Single-pion photoproduction in a model of higher baryon couplings

Abstract

Pion photoproduction off nucleons via s-channel resonances up to a total c.m. energy of ˜ 2 GeV, and also the electromagnetic decay widths of such resonances, are investigated in a recently proposed unified model of B̅ B_LP and B̅ B_LV couplings. In this phenomenological model, which uses the "quark" language only formally, the couplings BB_LP of baryon resonance (B_L) with pseudoscalar (P) mesons in broken SU(6)×O(3) are extended to incorporate electromagnetic interactions through "partial symmetry" for BB_LV couplings, together with the principle of vector-meson dominance. These supermultiplet L^P→0⁺ transitions are characterized by an empirical but relativistically invariant multiplying form factor, for which two different forms are considered. The calculated electromagnetic decay widths for the baryon resonances Y^*(1520) and Δ(1238) are in extremely good agreement with experiment. For the other resonances no direct experimental data are available, and comparison has been made with other contemporary analyses. The results for the reactions γp→π⁰p, γp→π⁺n, and γn→π^-p are also presented with reference to the following types of data: (i) total cross sections, (ii) the angular distribution of the differential cross sections, (iii) the energy dependence of the cross sections at fixed angles (especially π=0, π), and (iv) recoilproton polarization. The agreement with the experimental data in all these respects is extremely good, thus suggesting that the direct s channel makes a large and dominant contribution to the amplitude in the intermediate-energy region.

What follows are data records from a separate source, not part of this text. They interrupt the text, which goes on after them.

Lemma pendant_neighbor_unique n (e : rel 'I_n) u a b :
  pendant e u -> e u a -> e u b -> a = b.
Proof.
rewrite /pendant /degree => /cards1P[x Nu] eua eub.
have : a \in [set j | e u j] by rewrite inE.
have : b \in [set j | e u j] by rewrite inE.
by rewrite Nu !inE => /eqP-> /eqP->.
Qed.

Lemma pendants_nonadjacent n (e : rel 'I_n) r u v :
  (forall i j, e i j = e j i) -> (forall i j, connect e i j) ->
  ~~ pendant e r -> pendant e u -> pendant e v -> e u v = false.
Proof.
move=> e_sym e_conn npr pu pv; apply/negbTE/negP => euv.
have nbr x y : x \in [:: u; v] -> e x y -> y \in [:: u; v].
  rewrite !inE => /orP[]/eqP-> exy.
    by rewrite (pendant_neighbor_unique pu exy euv) eqxx orbT.
  by rewrite e_sym in euv; rewrite (pendant_neighbor_unique pv exy euv) eqxx.
have uv_closed : closed e [:: u; v].
  by move=> x y exy; apply/idP/idP => [/nbr|/nbr]; apply; rewrite // e_sym.
have := closed_connect uv_closed (e_conn u r).
by rewrite !inE eqxx => /esym/orP[]/eqP rE; rewrite rE ?pu ?pv in npr.
Qed.

Lemma signless_incidence_kernel (F : fieldType) n (e : rel 'I_n) :
  (num_edges e < n)%N ->
  exists2 v : 'rV[F]_n, v != 0 & forall i j : 'I_n, (i < j)%N -> e i j -> v 0 i = - v 0 j.
Proof.
set E := [set p : 'I_n * 'I_n | (p.1 < p.2)%N && e p.1 p.2] => ltEn.
pose M := \matrix_(i < n, k < #|E|)
  (((enum_val k).1 == i)%:R + ((enum_val k).2 == i)%:R : F).
have /rowV0Pn[v /sub_kermxP vM v0] : kermx M != 0.
  by rewrite -mxrank_eq0 mxrank_ker subn_eq0 -ltnNge (leq_ltn_trans (rank_leq_col M)).
exists v => // i j ltij eij.
have Eij : (i, j) \in E by rewrite inE /= ltij eij.
have pick x : \sum_k v 0 k * (x == k)%:R = v 0 x.
  rewrite (bigD1 x) //= eqxx mulr1 big1 ?addr0 // => k.
  by rewrite eq_sym => /negbTE->; rewrite mulr0.
apply/eqP; rewrite -addr_eq0 -pick -(pick j) -big_split /=.
have := congr1 (fun m : 'rV_#|E| => m 0 (enum_rank_in Eij (i, j))) vM.
rewrite !mxE => vM0; apply/eqP; rewrite -[RHS]vM0; apply: eq_bigr => k _.
by rewrite mxE (enum_rankK_in Eij Eij) mulrDr.
Qed.

Lemma tree_bipartite n (e : rel 'I_n) :
  is_tree e -> exists c : 'I_n -> bool, forall i j, e i j -> c i != c j.
Proof.
case: n e => [|n] e [[e_irr e_sym] e_conn nE]; first by exists xpred0 => -[].
have [|v v0 vE] := @signless_incidence_kernel rat _ e; first by rewrite nE.
have vE' i j : e i j -> v 0 i = - v 0 j.
  case: (ltngtP i j) => [ltij|ltji|/val_inj->] eij; first exact: vE.
    by rewrite (vE _ _ ltji) ?opprK // e_sym.
  by rewrite (negbTE (e_irr j)) in eij.
have [k vk] : exists k, v 0 k != 0.
  apply/existsP; apply: contraNT v0 => /existsPn v0'; apply/eqP/rowP => k.
  by rewrite mxE; apply/eqP/negPn/v0'.
have v_nz i : v 0 i != 0.
  have abs_closed : closed e [pred x | `|v 0 x| == `|v 0 k|].
    by move=> x y /vE' vxy; rewrite !inE vxy normrN.
  have := closed_connect abs_closed (e_conn k i).
  by rewrite !inE eqxx => /esym/eqP vik; rewrite -normr_eq0 vik normr_eq0.
exists (fun i => 0 < v 0 i) => i j /vE'->; rewrite oppr_gt0.
by case: ltrgtP (v_nz j).
Qed.

Section PendantBipartite.
Variables (R : realFieldType) (n : nat) (e : rel 'I_n) (w : 'I_n -> 'I_n -> R).
Hypothesis e_sym : forall i j, e i j = e j i.
Hypothesis pendant_nonadj : forall u v, pendant e u -> pendant e v -> e u v = false.
Hypothesis pendant_nbr : forall i, ~~ pendant e i -> exists u, e i u && pendant e u.
Hypothesis w_gt0 : forall i j, e i j -> 0 < w i j.

Local Notation A := (adjacency e w).

Definition pendant_proj : 'M[R]_n := diag_mx (\row_i (pendant e i)%:R).
Local Notation P := pendant_proj.
Local Notation D := ((1 - P) * A * P * A * (1 - P)).

Lemma one_sub_pendant_proj : 1 - P = diag_mx (\row_i (~~ pendant e i)%:R).
Proof.
apply/matrixP => i j; rewrite !mxE.
by case: eqVneq => [->|]; case: pendant; rewrite ?subrr ?subr0.
Qed.

Lemma pendant_gram_entry i j :
  D i j = (~~ pendant e i)%:R * (~~ pendant e j)%:R *
          \sum_(k | pendant e k) A i k * A k j.
Proof.
rewrite one_sub_pendant_proj -!mulmxE !mul_mx_diag !mul_diag_mx !mxE mulrC.
rewrite [X in _ = _ * X]big_mkcond !mulr_sumr; apply: eq_bigr => k _; rewrite !mxE.
case: (pendant e k); last by rewrite mulr0 mul0r !mulr0.
by rewrite mulr1 mulrCA !mulrA [in RHS](mulrAC _ (~~ pendant e j)%:R).
Qed.

Lemma adjacency_ge0 : nonneg_matrix A.
Proof. by move=> i j; rewrite mxE; case: ifP => // /w_gt0/ltW. Qed.

Lemma pendant_gram_ge0 i : 0 <= D i i.
Proof.
rewrite pendant_gram_entry !mulr_ge0 ?ler0n ?sumr_ge0 // => k _.
by rewrite mulr_ge0 ?adjacency_ge0.
Qed.

Lemma pendant_gram_offdiag i j : i != j -> D i j = 0.
Proof.
move=> neq_ij; rewrite pendant_gram_entry big1 ?mulr0 // => k pk; rewrite !mxE.
case: ifP => eik; last by rewrite mul0r.
case: ifP => ekj; last by rewrite mulr0.
by rewrite e_sym in eik; rewrite (pendant_neighbor_unique pk eik ekj) eqxx in neq_ij.
Qed.

Lemma pendant_gram_eq0 i : (D i i == 0) = pendant e i.
Proof.
rewrite pendant_gram_entry.
case: (boolP (pendant e i)) => [_ | npi] /=; first by rewrite !mul0r eqxx.
have [u /andP[eiu pu]] := pendant_nbr npi.
rewrite !mul1r (bigD1 u) //= gt_eqF //; apply: ltr_wpDr.
  by rewrite sumr_ge0 // => k _; rewrite mulr_ge0 ?adjacency_ge0.
by rewrite !mxE eiu e_sym eiu mulr_gt0 ?w_gt0 // e_sym.
Qed.

Lemma pendant_gram_diag : D = diag_mx (\row_i D i i).
Proof.
apply/matrixP => i j; rewrite [in RHS]mxE [in RHS]mxE.
by case: eqVneq => [->|/pendant_gram_offdiag->]; rewrite ?mulr1n ?mulr0n.
Qed.

Lemma one_sub_pendant_proj_supp : 1 - P = diag_mx (\row_i (D i i != 0)%:R).
Proof.
rewrite [LHS]one_sub_pendant_proj; congr diag_mx; apply/rowP => i.
by rewrite [LHS]mxE [RHS]mxE pendant_gram_eq0.
Qed.

(* At a pendant vertex [D i i = 0], and the entry of [Dinv] is [0^-1 = 0]. *)
Local Notation Dinv := (diag_mx (\row_i (D i i)^-1)).

Lemma adjacency_group_inverse : group_inverse A (corner_ginv A P Dinv).
Proof.
rewrite /group_inverse !mulmxE; apply: corner_ginv_group_inverse.
- rewrite -mulmxE mulmx_diag; congr diag_mx; apply/rowP => i; rewrite !mxE.
  by rewrite -natrM mulnb andbb.
- apply/matrixP => i j; rewrite -!mulmxE mul_mx_diag mul_diag_mx !mxE.
  case: ifP => [eij|_]; last by rewrite mulr0 mul0r.
  have: ~~ (pendant e i && pendant e j).
    by apply/andP => -[pi pj]; rewrite pendant_nonadj in eij.
  by case: (pendant e i); case: (pendant e j) => //= _; rewrite mulr0n ?mul0r ?mulr0.
- by rewrite {1}one_sub_pendant_proj_supp -mulmxE diag_mx_supp_mulV.
- rewrite [X in X * _]pendant_gram_diag -mulmxE diag_mx_mulV.
  exact/esym/one_sub_pendant_proj_supp.
- rewrite [X in _ * X]pendant_gram_diag -mulmxE diag_mx_mulVl.
  exact/esym/one_sub_pendant_proj_supp.
Qed.

Variable c : 'I_n -> bool.
Hypothesis c_edge : forall i j, e i j -> c i != c j.

Local Notation t i := ((-1) ^+ (c i (+) pendant e i) : R).

Definition pendant_signature : 'M[R]_n := diag_mx (\row_i t i).
Local Notation S := pendant_signature.

Lemma signature_matrix_pendant_signature : signature_matrix S.
Proof.
exists (\row_i t i); split => // j; rewrite mxE.
by case: (_ (+) _); [right | left]; rewrite ?expr1 ?expr0.
Qed.

Lemma pendant_signature_sqr : S * S = 1.
Proof.
rewrite -mulmxE mulmx_diag -idmxE -diag_const_mx; congr diag_mx.
by apply/rowP => i; rewrite !mxE -signr_addb addbb.
Qed.

Lemma pendant_sign_edge i j :
  e i j -> t i * t j = - (-1) ^+ (pendant e i (+) pendant e j).
Proof.
by move=> eij; rewrite -signr_addb addbACA -(negb_eqb (c i)) c_edge // addTb signrN.
Qed.

Lemma signature_conj_diag_adj_pendant_ge0 (d : 'rV[R]_n) : (forall i, 0 <= d 0 i) ->
  nonneg_matrix (S * (diag_mx d * A * P) * S).
Proof.
move=> d_ge0 i j; rewrite -!mulmxE !mul_diag_mx_diagE !mxE.
case: ifP => eij; last by rewrite !(mulr0, mul0r).
rewrite mulrAC pendant_sign_edge //.
case: (boolP (pendant e j)) => [pj|_]; last by rewrite mulr0n !mulr0.
have -> : pendant e i = false by apply: contraTF eij => /pendant_nonadj->.
rewrite expr1 opprK mul1r mulr1.
by rewrite mulr_ge0 // ltW // w_gt0.
Qed.

Lemma signature_conj_pendant_adj_diag_ge0 (d : 'rV[R]_n) : (forall i, 0 <= d 0 i) ->
  nonneg_matrix (S * (P * A * diag_mx d) * S).
Proof.
move=> d_ge0 i j; rewrite -!mulmxE !mul_diag_mx_diagE !mxE.
case: ifP => eij; last by rewrite !(mulr0, mul0r).
rewrite mulrAC pendant_sign_edge //.
case: (boolP (pendant e i)) => [pi|_]; last by rewrite mulr0n !mul0r mulr0.
have -> : pendant e j = false by apply: contraTF eij => /(pendant_nonadj pi)->.
rewrite expr1 opprK !mul1r.
by rewrite mulr_ge0 // ltW // w_gt0.
Qed.

Lemma signature_conj_nonpendant_block_le0 :
  nonneg_matrix (- (S * ((1 - P) * A * (1 - P)) * S)).
Proof.
move=> i j; rewrite one_sub_pendant_proj -!mulmxE mxE !mul_diag_mx_diagE !mxE.
case: ifP => eij; last by rewrite !(mulr0, mul0r) oppr0.
rewrite mulrAC pendant_sign_edge //.
case: (boolP (pendant e i)) => [_|_] /=; first by rewrite mulr0n !mul0r mulr0 oppr0.
case: (boolP (pendant e j)) => [_|_] /=; first by rewrite mulr0n !mulr0 oppr0.
by rewrite expr0 mulN1r opprK !mul1r mulr1 ltW // w_gt0.
Qed.

Lemma pendant_signature_conj_ginv_ge0 : nonneg_matrix (S * corner_ginv A P Dinv * S).
Proof.
have conjM M N : S * (M * N) * S = S * M * S * (S * N * S).
  by rewrite !mulrA -(mulrA _ S S) pendant_signature_sqr mulr1.
have Dinv_ge0 i : 0 <= (\row_i (D i i)^-1) 0 i by rewrite mxE invr_ge0 pendant_gram_ge0.
rewrite /corner_ginv; set E := Dinv * A * P; set E' := P * A * Dinv.
rewrite mulrBr mulrDr mulrBl mulrDl (conjM (E' * _)) conjM -mulNr -mulrN.
have SES_ge0 : nonneg_matrix (S * E * S) by exact: signature_conj_diag_adj_pendant_ge0.
have SE'S_ge0 : nonneg_matrix (S * E' * S) by exact: signature_conj_pendant_adj_diag_ge0.
apply: nonneg_matrixD; first exact: nonneg_matrixD.
apply: nonneg_matrixM SES_ge0.
exact: nonneg_matrixM SE'S_ge0 signature_conj_nonpendant_block_le0.
Qed.

End PendantBipartite.

Theorem theorem3p8 (R : realFieldType) (n : nat) (e : rel 'I_n)
    (w : 'I_n -> 'I_n -> R) :
  in_class_T e ->
  (forall i j, e i j -> w i j = w j i) ->
  (forall i j, e i j -> 0 < w i j) ->
  (exists X, group_inverse (adjacency e w) X) /\
  exists S : 'M[R]_n, signature_matrix S /\
    forall X, group_inverse (adjacency e w) X -> nonneg_matrix (S *m X *m S).
Proof.
(* The weights need not be symmetric. *)
move=> [tree [r npr] pendant_nbr] _ w_gt0.
have [[_ e_sym] e_conn _] := tree.
have [c c_edge] := tree_bipartite tree.
have pendant_nonadj u v := @pendants_nonadjacent _ e r u v e_sym e_conn npr.
have ginv := adjacency_group_inverse e_sym pendant_nonadj pendant_nbr w_gt0.
split; first by eexists; exact: ginv.
exists (pendant_signature R e c); split; first exact: signature_matrix_pendant_signature.
move=> X /(group_inverse_unique ginv) <-; rewrite !mulmxE.
exact: pendant_signature_conj_ginv_ge0.
Qed.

The only discrepancy lies in the forward direction for charge-exchange processes, where the t-channel pion pole is known to be important, yet a partial simulation of duality seems to be indicated by our results. Also, the qualitative features of pionic photoproduction are reasonably well reproduced by our model. The Moorhouse selection rule for spin quartet states and a "charge" selection rule proposed recently by Copley et al. are satisfied in the limit of m_ρ=m_ω in our model. The most prominent resonances turn out to be P₁₁, P₃₃, D₁₃, F₁₅, and F₃₇.